AI

Dunne + Raby

Photo from Dunne & Raby's Technological Dreams Series: No. 1, Robots, 2007

Photo from Dunne & Raby's Technological Dreams Series: No. 1, Robots, 2007

The pathway to becoming a UX designer and/or Service Designer is always a fascinating story. If you take the time to ask fellow professionals in the field of how they came to be, I guarantee that it will be time well spent. The beauty of this industry is the fact that people have diverse backgrounds from probably every field you can imagine. This is why I love the HCD world.

Another reason why I love the HCD world is because if you look for it, you can pretty much find it in any field that exists. And when you do, the people you meet have no idea that they are actually participating in a HCD-like manner. 

One of the places that I found Human Centered Design is in the conceptual design world. Take for instance the subject of 'Critical Design'.

Critical Design uses critical theory to approach designed objects in order to challenge designers and audiences to think differently and critically about objects, their everyday use, and the environments that surround them. Many design professors teach this way of thinking with their design students who are producing highly conceptual artwork within the design realm. Are you still interested? I'll keep going.

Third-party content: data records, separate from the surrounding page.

Lemma cov_gap : 0 < Dr - cov_bound /\ Dr * (Dr - cov_bound) < 1.
Proof.
have /andP[t0 t1] := cov_t_itv.
have y_eq : cov_psi cov_t = 1 - cov_t / Dr by rewrite cov_psi_small // ltW.
have Dr_e : Dr * (cov_t / Dr) = cov_t by rewrite mulrCA mulfV ?mulr1 ?pnatr_eq0.
have two_Dr_t : 2 * Dr * cov_t = 1 by rewrite mulfV // mulf_neq0 ?pnatr_eq0.
have e_gt0 : 0 < cov_t / Dr by rewrite divr_gt0.
have e_le1 : cov_t / Dr <= 1.
  by rewrite ler_pdivrMr // mul1r; apply: le_trans (ltW t1) _; rewrite ler1n.
rewrite /cov_bound y_eq; move: Dr_e e_gt0 e_le1; set e := cov_t / Dr => Dr_e e_gt0 e_le1.
have yD_le : (1 - e) ^+ D <= 1 - e.
  by rewrite exprS ler_piMr ?exprn_ile1 //; lra.
have yD_ge := @bernoulli_ineq _ e D e_le1.
have gap_le : Dr - ((1 - e) ^+ D + M * (1 - e)) <= (Dr + M) * e by rewrite DrE; lra.
split; first by rewrite DrE; lra.
have := ler_wpM2l (ltW Dr_gt0) gap_le; rewrite mulrCA Dr_e.
by move: two_Dr_t; rewrite DrE; lra.
Qed.

(* [cov_bound] is [leaf_uncovered] at [star_vec 0 cov_t], so that profile meets
   every leaf threshold exactly. *)
Definition star_cov_mu (i : 'I_(star N)) : R :=
  if i == hub then 0 else 1 - 2^-1 * (Dr^-1 * cov_bound).

Lemma star_cov_leaf_sat (th : vec R (star N)) b c :
  (star_cov_mu (leaf b c) <= u (leaf b c) th) = (leaf_uncovered th b c <= cov_bound).
Proof.
rewrite /star_cov_mu leaf_hub u_cov_star_leaf lerD2l lerN2.
by rewrite ler_pM2l ?invr_gt0 // ler_pM2l ?invr_gt0.
Qed.

Let q_itv := unif_dist_itv R card_star_cover (isT : (1 < D)%N).
Let q_sum1 := unif_dist_sum1 R card_star_cover (isT : (0 < D)%N).

Lemma star_cov_hub_satisfied (th : vec R (star N)) : inTheta th -> star_cov_mu hub <= u hub th.
Proof.
move=> th0; rewrite /star_cov_mu eqxx; apply: le_trans (u_cov_ge_half q_itv q_sum1 _ th0).
by rewrite invr_ge0 ler0n.
Qed.

Lemma star_cov_leaf_cut (th : vec R (star N)) : feasible u star_cov_mu th ->
  forall b c, Dr * (Dr - cov_bound) <= th hub + branch th b + M * th (leaf b c).
Proof.
move=> [th0 sat] b c; have := sat (leaf b c); rewrite star_cov_leaf_sat => le_bound.
have le_ub := le_trans (leaf_uncovered_ge b c th0) le_bound.
rewrite mulrC -ler_pdivlMr //; move: le_ub; move: (_ / Dr) => y; lra.
Qed.

Lemma leaf_uncovered_star_vec h l b c :
  leaf_uncovered (star_vec h l) b c = cov_psi h * cov_psi l ^+ D + M * cov_psi l.
Proof.
rewrite /leaf_uncovered star_vec_hub star_vec_leaf; congr (_ * _ + _).
by under eq_bigr => c' _ do rewrite star_vec_leaf; rewrite prodr_const card_ord.
Qed.

Lemma star_cov_feasible h l : 0 <= h -> 0 <= l ->
  cov_psi h * cov_psi l ^+ D + M * cov_psi l <= cov_bound -> feasible u star_cov_mu (star_vec h l).
Proof.
move=> h0 l0 bound; split; first exact: inTheta_star_vec.
apply: star_ind => [|b c]; first exact: star_cov_hub_satisfied (inTheta_star_vec h0 l0).
by rewrite star_cov_leaf_sat leaf_uncovered_star_vec.
Qed.

Lemma star_cov_hub_solution : feasible u star_cov_mu (star_vec (Dr * (Dr - cov_bound)) 0).
Proof.
have [gap_gt0 gap_lt1] := cov_gap; have L0 : 0 <= Dr * (Dr - cov_bound) by rewrite ltW ?mulr_gt0.
apply: star_cov_feasible; rewrite ?lexx // cov_psi0 expr1n !mulr1 cov_psi_small ?L0 //.
by rewrite mulrAC mulfV ?pnatr_eq0 // mul1r DrE; lra.
Qed.

Lemma star_cov_equilibrium_feasible : feasible u star_cov_mu (star_vec 0 cov_t).
Proof.
have /andP[t0 _] := cov_t_itv.
by apply: star_cov_feasible; rewrite ?lexx ?(ltW t0) // cov_psi0 mul1r.
Qed.

Lemma leaf_uncovered_upd (th : vec R (star N)) b c x :
  leaf_uncovered (upd th (leaf b c) x) b c =
  cov_psi (th hub) * \prod_(c' < D) cov_psi (if c' == c then x else th (leaf b c')) + M * cov_psi x.
Proof.
rewrite /leaf_uncovered {1 3}/upd hub_leaf eqxx; congr (_ * _ + _).
by apply: eq_bigr => c' _; rewrite /upd leaf_eq eqxx.
Qed.

Lemma leaf_uncovered_swapv (th : vec R (star N)) b c :
  leaf_uncovered (swapv th (leaf b c) hub) b c =
  cov_psi (th (leaf b c)) * \prod_(c' < D) cov_psi (if c' == c then th hub else th (leaf b c')) +
  M * cov_psi (th hub).
Proof.
rewrite /leaf_uncovered {1 3}/swapv hub_leaf !eqxx; congr (_ * _ + _).
by apply: eq_bigr => c' _; rewrite /swapv leaf_eq eqxx leaf_hub; case: ifP.
Qed.

Lemma star_cov_stable : stable_eq u star_cov_mu (star_vec 0 cov_t).
Proof.
apply: star_vec0_stable_eq star_cov_equilibrium_feasible _ => b c x /andP[x0 x_lt].
have /andP[t0 t1] := cov_t_itv.
have psi_x : cov_psi cov_t < cov_psi x.
  rewrite !cov_psi_small ?x0 ?(ltW t0) ?(lt_trans x_lt) //.
  by rewrite ltrD2l ltrN2 ltr_pM2r ?invr_gt0.
have y0 : 0 <= cov_psi cov_t by case/andP: (cov_psi_itv (ltW t0)).
have prod_ge : cov_psi cov_t ^+ D <=
    \prod_(c' < D) cov_psi (if c' == c then x else star_vec 0 cov_t (leaf b c')).
  by apply: exprn_le_prod => // c'; case: ifP => _; rewrite ?star_vec_leaf // ltW.
rewrite ltNge star_cov_leaf_sat -ltNge leaf_uncovered_upd star_vec_hub cov_psi0 mul1r.
have : M * cov_psi cov_t < M * cov_psi x by rewrite ltr_pM2l ?ltr0n.
rewrite /cov_bound; lra.
Qed.

Lemma star_cov_envy_free : envy_free u star_cov_mu (star_vec 0 cov_t).
Proof.
apply: star_vec0_envy_free star_cov_equilibrium_feasible _ => b c.
have /andP[t0 t1] := cov_t_itv.
have /andP[y0 y1] := cov_psi_itv (ltW t0).
have y_lt1 : cov_psi cov_t < 1.
  by rewrite cov_psi_small ?(ltW t0) // gtrBl mulr_gt0 ?invr_gt0.
have prod_ge : cov_psi cov_t ^+ D <=
    \prod_(c' < D) cov_psi (if c' == c then 0 else star_vec 0 cov_t (leaf b c')).
  by apply: exprn_le_prod => // c'; case: ifP => _; rewrite ?star_vec_leaf ?cov_psi0.
have yD_le : cov_psi cov_t ^+ D <= cov_psi cov_t by rewrite exprS ler_piMr ?exprn_ile1.
rewrite ltNge star_cov_leaf_sat -ltNge leaf_uncovered_swapv.
rewrite star_vec_hub star_vec_leaf cov_psi0 mulr1.
have := ler_wpM2l y0 prod_ge; rewrite /cov_bound.
have : 0 < (1 - cov_psi cov_t) * (M - cov_psi cov_t ^+ D).
  by rewrite mulr_gt0 // subr_gt0 //; apply: le_lt_trans yD_le (lt_le_trans y_lt1 M_ge1).
lra.
Qed.

Lemma star_cov_wb : wb_clp u star_cov_mu.
Proof.
have [gap_gt0 gap_lt1] := cov_gap; have gap_ge0 := ltW gap_gt0.
have gap_lt1' : Dr - cov_bound < 1.
  by apply: le_lt_trans gap_lt1; rewrite ler_peMl // ler1n.
split=> [i th th' th0 |]; first by apply: u_cov_monotone => // j x; exact: q_itv.
exists (star_vec 0 (Dr - cov_bound)); split; last first.
  apply: u_cov_well_behaved; [exact: q_itv | exact: q_sum1 |].
  by apply: star_ind => [|b c]; rewrite ?star_vec_hub ?star_vec_leaf ?lexx ?ltr01 ?gap_ge0.
apply: star_ind => [|b c]; rewrite ?star_vec_hub ?star_vec_leaf; split; rewrite ?lexx //.
  by apply: star_cov_hub_satisfied; apply: inTheta_upd.
rewrite star_cov_leaf_sat leaf_uncovered_upd cov_psi0 mul1r (bigD1 c) //= eqxx.
rewrite big1 => [|c' /negPf ->]; last exact: cov_psi0.
rewrite mulr1 cov_psi_small ?gap_ge0 ?gap_lt1' //.
have -> : (1 - (Dr - cov_bound) / Dr) + M * (1 - (Dr - cov_bound) / Dr) =
          Dr - Dr * ((Dr - cov_bound) / Dr) by rewrite {1 3}DrE; ring.
by rewrite mulrCA mulfV ?pnatr_eq0 // mulr1 subKr.
Qed.
Lemma growth_dominates_square M A c : c = 4 * Rmax M 0 + 4 -> exp c + 1 < A ->
  M * (2 * A) ^ 2 < (A * A + 2 * A) * c - 2 * A * (2 * exp c) - 2 * A - 2.
Proof.
  intros Hc HA.
  assert (HM : M <= Rmax M 0 /\ 0 <= Rmax M 0) by (split; [apply Rmax_l|apply Rmax_r]).
  assert (Hec : 1 <= exp c) by (rewrite <- exp_0; apply exp_le; lra).
  assert (HMA : M * (A * A) <= Rmax M 0 * (A * A)) by (apply Rmult_le_compat_r; nra).
  assert (HA2 : 4 * A * (exp c + 1) < 4 * A * A) by nra.
  assert (HAc : 0 <= 2 * A * c) by nra.
  assert (Hexpand : (A * A + 2 * A) * c = 4 * (Rmax M 0 * (A * A)) + 4 * A * A + 2 * A * c)
    by (subst c; ring).
  replace (M * (2 * A) ^ 2) with (4 * (M * (A * A))) by ring. lra.
Qed.

Lemma limsup_eps11 alpha : 0 < alpha < 1 -> irrational alpha -> limsup_infty eps11 alpha.
Proof.
  intros Hal Hirr M N0.
  set (c := 4 * Rmax M 0 + 4).
  destruct (INR_unbounded (exp c + 1)) as [K HK].
  set (j := Nat.max N0 K). set (a := (2 ^ j)%nat). set (n := (2 * a)%nat).
  assert (Hja : (j < a)%nat) by apply Nat.pow_gt_lin_r, Nat.lt_1_2.
  exists n. split; [unfold n, j in *; lia|].
  destruct (en alpha n) as [e|] eqn:He; [|exact I].
  assert (Hpow2 : is_pow2 n) by (exists (S j); unfold n, a; rewrite Nat.pow_succ_r'; reflexivity).
  unfold eps11. destruct (excluded_middle_informative (is_pow2 n)) as [_|Hn]; [|contradiction].
  assert (Hc : 0 <= 2 * exp c) by (pose proof (exp_pos c); lra).
  assert (Hlow := en_ge alpha a _ _ e Hal Hirr Hc (dd_witness_ge_exp a c) He).
  set (A := INR a) in *.
  assert (HA : exp c + 1 < A).
  { apply Rlt_le_trans with (INR K); [exact HK|]. apply le_INR. unfold j in Hja. lia. }
  assert (Hm : INR (pred (S a * S a)) = A * A + 2 * A).
  { replace (pred (S a * S a)) with (a * a + 2 * a)%nat by lia.
    rewrite plus_INR, !mult_INR. reflexivity. }
  assert (Hn : INR n = 2 * A) by (unfold n; rewrite mult_INR; reflexivity).
  fold n in Hlow. rewrite Hm, Hn in Hlow. rewrite Hn.
  assert (Hgrowth := growth_dominates_square M A c eq_refl HA).
  pose proof (exp_pos c).
  apply Rmult_lt_reg_l with ((2 * A) ^ 2); [nra|].
  field_simplify; [lra|nra].
Qed.

Definition pow2_harmonic (k : nat) : R :=
  if excluded_middle_informative (is_pow2 (S k)) then / INR (S k) else 0.

Lemma eps11_term_bounds k :
  0 < INR (S k) * eps11 (S k) <= / INR (S k) ^ 2 + pow2_harmonic k.
Proof.
  assert (Hk : 0 < INR (S k)) by apply lt_0_INR, Nat.lt_0_succ.
  unfold eps11, pow2_harmonic. destruct (excluded_middle_informative (is_pow2 (S k))).
  - replace (INR (S k) * / INR (S k) ^ 2) with (/ INR (S k)) by (field; lra).
    pose proof (Rinv_0_lt_compat _ (pow_lt _ 2 Hk)). pose proof (Rinv_0_lt_compat _ Hk). lra.
  - replace (INR (S k) * / INR (S k) ^ 3) with (/ INR (S k) ^ 2) by (field; lra).
    pose proof (Rinv_0_lt_compat _ (pow_lt _ 2 Hk)). lra.
Qed.

Lemma sum_inv_sq_le N : sum_f_R0 (fun k => / INR (S k) ^ 2) N <= 2 - / INR (S N).
Proof.
  induction N as [|N IH]; [simpl; lra|].
  rewrite tech5. assert (HN : 0 < INR (S N)) by apply lt_0_INR, Nat.lt_0_succ.
  rewrite (S_INR (S N)).
  assert (/ (INR (S N) + 1) ^ 2 <= / INR (S N) - / (INR (S N) + 1)).
  { apply Rle_trans with (/ (INR (S N) * (INR (S N) + 1))).
    - apply Rinv_le_contravar; nra.
    - right. field. lra. }
  lra.
Qed.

I'd like to introduce you to a duo who teach as design professors in London and Vienna and make projects stemmed from Critical Design. Their names are Anthony Dunne and Fiona Raby.

Another photo from the same series.

Another photo from the same series.

'Their work has been exhibited at MoMA, NYC, the Pompidou Centre, Paris, and the Design Museum in London, and is in the permanent collections of MoMA, the Victoria and Albert Museum, Frac Ile-de-France, Fnac and the MAK as well as several private collections. [...] In 2015, Dunne & Raby received the first MIT Media Lab Award.' I don't think that I have to justify their impact within the design world - they are well respected and consistently referred to when new work is presented to the world.

Techies - listen up.

Although the list of work they have produced is quite long, I'd like to bring attention to one of their projects called, "Technological Dreams Series: No. 1, Robots," created in 2007, which is a great example of Critical Design. It provokes the idea that ‘one day, in the future, robots will do everything for us’ and the question of how we will interact with them comes to the surface. In this project, designed robots are shown to project the ‘new interdependencies and relationships [that] might emerge in relation to different levels of robot intelligence and capability.’ (Dunne & Raby, Project Info)

I am a firm believer that it is though works like Technological Dream Series: No. 1, Critical Design ultimately takes on the role of questioning ‘the limited range of emotional and psychological experiences offered through [existing] designed products.’ (Dunne & Raby, Project Info) It emphasizes the condition of today's design culture as it ‘limits and prevents [designers] from fully engaging with and designing for the complexities of human nature.’ Although this can be seen as a negative way to view designed objects, Critical Design ‘is more about the positive use of negativity’ as it confronts designers to think critically about people they are designing for. This theory supports HCD through this confrontation and many designers have, since then, turned to HCD for guidance.

How wonderful, right? And very appropriate for our HCD/UX/Service Design field.

If you have time, watch and read about the robots. Think about what a world would be like in the future if robots and technology actually behaved in this way. I challenge you to consider why we are in partaking in this industry and to think about what ways you can use this fictional narrative to make what you are currently making more human and healthy for today's world while keeping the future in mind. If we don't start now, we could very well be living in a world where technology dictates our behaviors and way of life rather than allowing our human culture to grow organically while technology serves and evolves with us.